Definition strongly_sofic (M : monoidType) : Prop :=
  forall F : seq M,
  exists Delta : nat, (1 <= Delta)%N /\
  forall eps : rat, 0 < eps ->
  exists (D : finType) (sigma : M -> D -> D),
    [/\ (0 < #|D|)%N,
        (forall v : D, sigma 1%g v = v),
        (forall k1 k2, k1 \in F -> k2 \in F ->
           ham_dist (sigma (k1 * k2)%g) (sigma k1 \o sigma k2) <= eps),
        (forall k1 k2, k1 \in F -> k2 \in F -> k1 != k2 ->
           1 - eps <= ham_dist (sigma k1) (sigma k2)) &
        (forall k, k \in F -> forall v : D,
           (#|[set u | sigma k u == v]| <= Delta)%N)].

(* Let X Y = 1 in M_d(K[M]).  A sofic approximation sigma : M -> Map(D) sends
   a in K[M] to the D x D matrix sum_k a_k P(sigma k), P(f) the 0/1 matrix of
   f, and hence X, Y to dD x dD matrices A, B over K.  The map is multiplicative
   on every column (j, w) at which sigma is multiplicative on the supports of X
   and Y, which fails only for O(eps |D|) points w; since
   rank (B A - 1) <= rank (A B - 1) over the field K, the image of Y X - 1 has
   rank O(eps |D|).  On the other hand, if (Y X - 1)_ij has a nonzero
   coefficient at k0, then the points v at which sigma k0 v differs from every
   other sigma k v form almost all of D, and a greedy choice (using the fiber
   bound Delta) keeps a proportion 1 / (2 Delta m + 1) of them, m the size of
   the support of (Y X - 1)_ij, whose rows (i, sigma k0 v) and columns (j, v)
   cut out a diagonal submatrix with nonzero diagonal.  Its size is linear in
   |D|, a contradiction for eps small. *)

From HB Require Import structures.
From mathcomp Require Import all_boot all_order all_algebra.
From mathcomp Require Import finmap.
From mathcomp.multinomials Require Import monalg.
From mathcomp Require Import monoid.
From mathcomp Require Import zify lra.

Set Implicit Arguments.
Unset Strict Implicit.
Unset Printing Implicit Defensive.

Import Order.TTheory GRing.Theory Num.Theory.

Local Open Scope fset_scope.
Local Open Scope ring_scope.

Section RankBounds.
Variable K : fieldType.

Lemma mxrank_sub_le_cols m n (A B : 'M[K]_(m, n)) (J : {set 'I_n}) :
  (forall i j, j \notin J -> A i j = B i j) -> (\rank (A - B)%R <= #|J|)%N.
Proof.
move=> eqAB; have : forall i j, j \notin J -> (A - B) i j = 0.
  by move=> i j /eqAB; rewrite !mxE => ->; rewrite subrr.
move: (A - B) => P P0.
have -> : P = \sum_(j in J) P *m delta_mx j j.
  have colE j' i j : (P *m delta_mx j' j') i j = P i j' * (j' == j)%:R.
    rewrite mxE (bigD1 j') //= mxE eqxx eq_sym big1 ?addr0 // => k /negPf k_j'.
    by rewrite mxE k_j' mulr0.
  apply/matrixP=> i j; rewrite summxE; under eq_bigr do rewrite colE.
  have [Jj|Jj] := boolP (j \in J).
    rewrite (bigD1 j) //= eqxx mulr1 big1 ?addr0 // => j' /andP[_ /negPf->].
    by rewrite mulr0.
  rewrite P0 // big1 // => j' Jj'; case: eqVneq => [ej|]; last by rewrite mulr0.
  by rewrite -ej Jj' in Jj.
rewrite -sum1_card; elim/big_ind2: _ => [|A1 r1 A2 r2 le1 le2|j _].
- by rewrite mxrank0.
- exact: leq_trans (mxrank_add _ _) (leq_add le1 le2).
- by apply: leq_trans (mxrankM_maxr _ _) _; rewrite mxrank_delta.
Qed.

Lemma mxrank_sub1_mulC n (A B : 'M[K]_n) :
  (\rank (B *m A - 1%:M)%R <= \rank (A *m B - 1%:M)%R)%N.
Proof.
set L := kermx (A *m B - 1%:M).
have LAB : L *m A *m B = L.
  by apply/eqP; rewrite -subr_eq0 -mulmxA -{2}[L]mulmx1 -mulmxBr mulmx_ker.
have LA_ker : (L *m A <= kermx (B *m A - 1%:M))%MS.
  by apply/sub_kermxP; rewrite mulmxBr mulmx1 mulmxA LAB subrr.
have := leq_trans (leq_trans (eq_leq (congr1 mxrank (esym LAB))) (mxrankM_maxl _ _))
  (mxrankS LA_ker).
rewrite !mxrank_ker; have := rank_leq_col (A *m B - 1%:M).
have := rank_leq_col (B *m A - 1%:M); lia.
Qed.

Lemma mxrank_mxsub m n m' n' (A : 'M[K]_(m, n))
    (f : 'I_m' -> 'I_m) (g : 'I_n' -> 'I_n) :
  (\rank (mxsub f g A) <= \rank A)%N.
Proof.
rewrite -[A]mul1mx mxsub_mul; apply: leq_trans (mxrankM_maxr _ _) _.
by rewrite -[A in colsub _ A]mulmx1 -mulmx_colsub mul1mx mxrankM_maxl.
Qed.

Lemma mxrank_trig n (A : 'M[K]_n) :
  is_trig_mx A -> (forall i, A i i != 0) -> \rank A = n.
Proof.
move=> Atrig A_nz; apply: mxrank_unit.
by rewrite unitmxE det_trig // unitfE; apply/prodf_neq0 => i _.
Qed.

End RankBounds.

Lemma card_has_le (T : finType) (I : Type) (s : seq I) (P : I -> pred T) :
  (#|[set w | has (P^~ w) s]| <= \sum_(x <- s) #|[set w | P x w]|)%N.
Proof.
elim: s => [|x s IH]; rewrite ?big_nil ?big_cons.
  by rewrite leqn0 cards_eq0; apply/eqP/setP=> w; rewrite !inE.
have -> : [set w | has (P^~ w) (x :: s)] =
    [set w | P x w] :|: [set w | has (P^~ w) s].
  by apply/setP=> w; rewrite !inE.
exact: leq_trans (leq_card_setU _ _).1 (leq_add (leqnn _) IH).
Qed.

Lemma sum_le_size (R : numDomainType) (I : eqType) (s : seq I) (F : I -> R) c :
  (forall x, x \in s -> F x <= c) -> \sum_(x <- s) F x <= (size s)%:R * c.
Proof.
move=> leFc; rewrite -sum1_size natr_sum mulr_suml big_seq [X in _ <= X]big_seq.
by apply: ler_sum => x sx; rewrite mul1r leFc.
Qed.

Lemma large_independent_subset (T : finType) (e : rel T) (k : nat) :
  symmetric e -> (forall x, #|[set y | e x y]| <= k)%N ->
  forall G : {set T}, exists V : {set T},
    [/\ V \subset G, (#|G| <= k.+1 * #|V|)%N
       & {in V &, forall x y, x != y -> ~~ e x y}].
Proof.
move=> e_sym e_deg G; have [n] := ubnP #|G|; elim: n G => // n IH G.
have [-> _|[x Gx] ltGn] := set_0Vmem G.
  by exists set0; rewrite sub0set cards0 muln0; split=> // y; rewrite inE.
set N := x |: [set y | e x y].
have [|V [VG' cardV indepV]] := IH (G :\: N).
  rewrite ltnS in ltGn; apply: leq_trans ltGn; apply: proper_card; apply/properP.
  by split; [exact: subsetDl | exists x; rewrite // !inE eqxx].
have notN y : y \in V -> (y != x) && ~~ e x y.
  by move=> /(subsetP VG'); rewrite !inE negb_or => /andP[].
have xV : x \notin V by apply/negP => /notN; rewrite eqxx.
exists (x |: V); split.
- by rewrite subUset sub1set Gx (subset_trans VG' (subsetDl _ _)).
- have cardN : (#|N| <= k.+1)%N.
    by rewrite cardsU1 -add1n; apply: leq_add (leq_b1 _) (e_deg x).
  rewrite cardsU1 xV mulnS -(cardsID N G).
  have := leq_trans (subset_leq_card (subsetIr G N)) cardN; lia.
- move=> y z; rewrite !inE => /predU1P[->|Vy] /predU1P[->|Vz]; rewrite ?eqxx //.
  + by have /andP[_] := notN z Vz.
  + by have /andP[_] := notN y Vy; rewrite e_sym.
  + exact: indepV.
Qed.

Section SoficRepresentation.
Variables (M : monoidType) (K : fieldType) (D : finType) (sigma : M -> D -> D).
Local Notation KM := (monoid_algebra M K).

Definition mx_msupp m n (A : 'M[KM]_(m, n)) : {fset M} :=
  \bigcup_(ij in {: 'I_m * 'I_n}) msupp (A ij.1 ij.2).

Lemma msupp_mx_msupp m n (A : 'M[KM]_(m, n)) i j : msupp (A i j) `<=` mx_msupp A.
Proof.
by rewrite (@bigfcup_sup _ _ _ (i, j) _ (fun ij => msupp (A ij.1 ij.2))) ?mem_index_enum.
Qed.

(* The (u, v) entry of sum_k a_k P(sigma k), where P(f) u v = (f v == u). *)
Definition sofic_coef (u v : D) (a : KM) : K :=
  \sum_(k <- msupp a) a@_k * (sigma k v == u)%:R.

Lemma sofic_coefEw (T : {fset M}) u v a : msupp a `<=` T ->
  sofic_coef u v a = \sum_(k <- T) a@_k * (sigma k v == u)%:R.
Proof.
by move=> aT; apply: big_fset_incl => // k _ /mcoeff_outdom ->; rewrite mul0r.
Qed.

Fact sofic_coef_is_zmod_morphism u v : zmod_morphism (sofic_coef u v).
Proof.
move=> a b; rewrite (sofic_coefEw _ _ (msuppB_le a b)).
rewrite (sofic_coefEw _ _ (fsubsetUl _ (msupp b))).
rewrite (sofic_coefEw _ _ (fsubsetUr (msupp a) _)).
by rewrite -sumrB; apply: eq_bigr => k _; rewrite mcoeffB mulrBl.
Qed.

HB.instance Definition _ u v := GRing.isZmodMorphism.Build KM K (sofic_coef u v)
  (sofic_coef_is_zmod_morphism u v).

Lemma sofic_coefU u v c k : sofic_coef u v << c *g k >> = c * (sigma k v == u)%:R.
Proof. by rewrite (sofic_coefEw _ _ msuppU_le) big_seq_fset1 mcoeffUU. Qed.

Lemma sofic_coef1 u v : sigma 1%g =1 id -> sofic_coef u v 1 = (v == u)%:R.
Proof. by move=> sigma1; rewrite [1]/(ma_one _ _) sofic_coefU sigma1 mul1r. Qed.

Lemma sofic_coefM u w (x y : KM) :
  (forall k1 k2, k1 \in msupp x -> k2 \in msupp y ->
     sigma (k1 * k2)%g w = sigma k1 (sigma k2 w)) ->
  \sum_v sofic_coef u v x * sofic_coef v w y = sofic_coef u w (x * y).
Proof.
move=> sigmaM; rewrite [x * y]/(ma_mul x y) raddf_sum /=.
under eq_bigr do rewrite /sofic_coef mulr_suml.
rewrite exchange_big /= !big_seq; apply: eq_bigr => k1 x_k1.
under eq_bigr do rewrite mulr_sumr.
rewrite exchange_big /= raddf_sum /= !big_seq; apply: eq_bigr => k2 y_k2.
rewrite sofic_coefU sigmaM // (bigD1 (sigma k2 w)) //= eqxx mulr1 big1 ?addr0.
  by rewrite mulrAC.
by move=> v v_neq; rewrite [sigma k2 w == v]eq_sym (negPf v_neq) !mulr0.
Qed.

Variable d : nat.
Local Notation N := #|{: 'I_d * D}|.

Definition sofic_mx (Z : 'M[KM]_d) : 'M[K]_N :=
  \matrix_(p, q)
    sofic_coef (enum_val p).2 (enum_val q).2 (Z (enum_val p).1 (enum_val q).1).

Lemma sofic_mxB (Z1 Z2 : 'M[KM]_d) : sofic_mx (Z1 - Z2) = sofic_mx Z1 - sofic_mx Z2.
Proof. by apply/matrixP=> p q; rewrite !mxE raddfB. Qed.

Lemma sofic_mx1 : sigma 1%g =1 id -> sofic_mx 1%:M = 1%:M.
Proof.
move=> sigma1; apply/matrixP=> p q; rewrite !mxE -(inj_eq enum_val_inj).
case: (enum_val p) => i u; case: (enum_val q) => j w /=.
rewrite xpair_eqE; have [_|_] := eqVneq i j; last by rewrite raddf0.
by rewrite sofic_coef1 // eq_sym.
Qed.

# Aim of the task
What is asked for is an exact copy of the lines above from the one containing "Lemma mxrank_sub1_mulC n" through the one containing "have LA_ker : (L", and only those.

# The answer
Lemma mxrank_sub1_mulC n (A B : 'M[K]_n) :
  (\rank (B *m A - 1%:M)%R <= \rank (A *m B - 1%:M)%R)%N.
Proof.
set L := kermx (A *m B - 1%:M).
have LAB : L *m A *m B = L.
  by apply/eqP; rewrite -subr_eq0 -mulmxA -{2}[L]mulmx1 -mulmxBr mulmx_ker.
have LA_ker : (L *m A <= kermx (B *m A - 1%:M))%MS.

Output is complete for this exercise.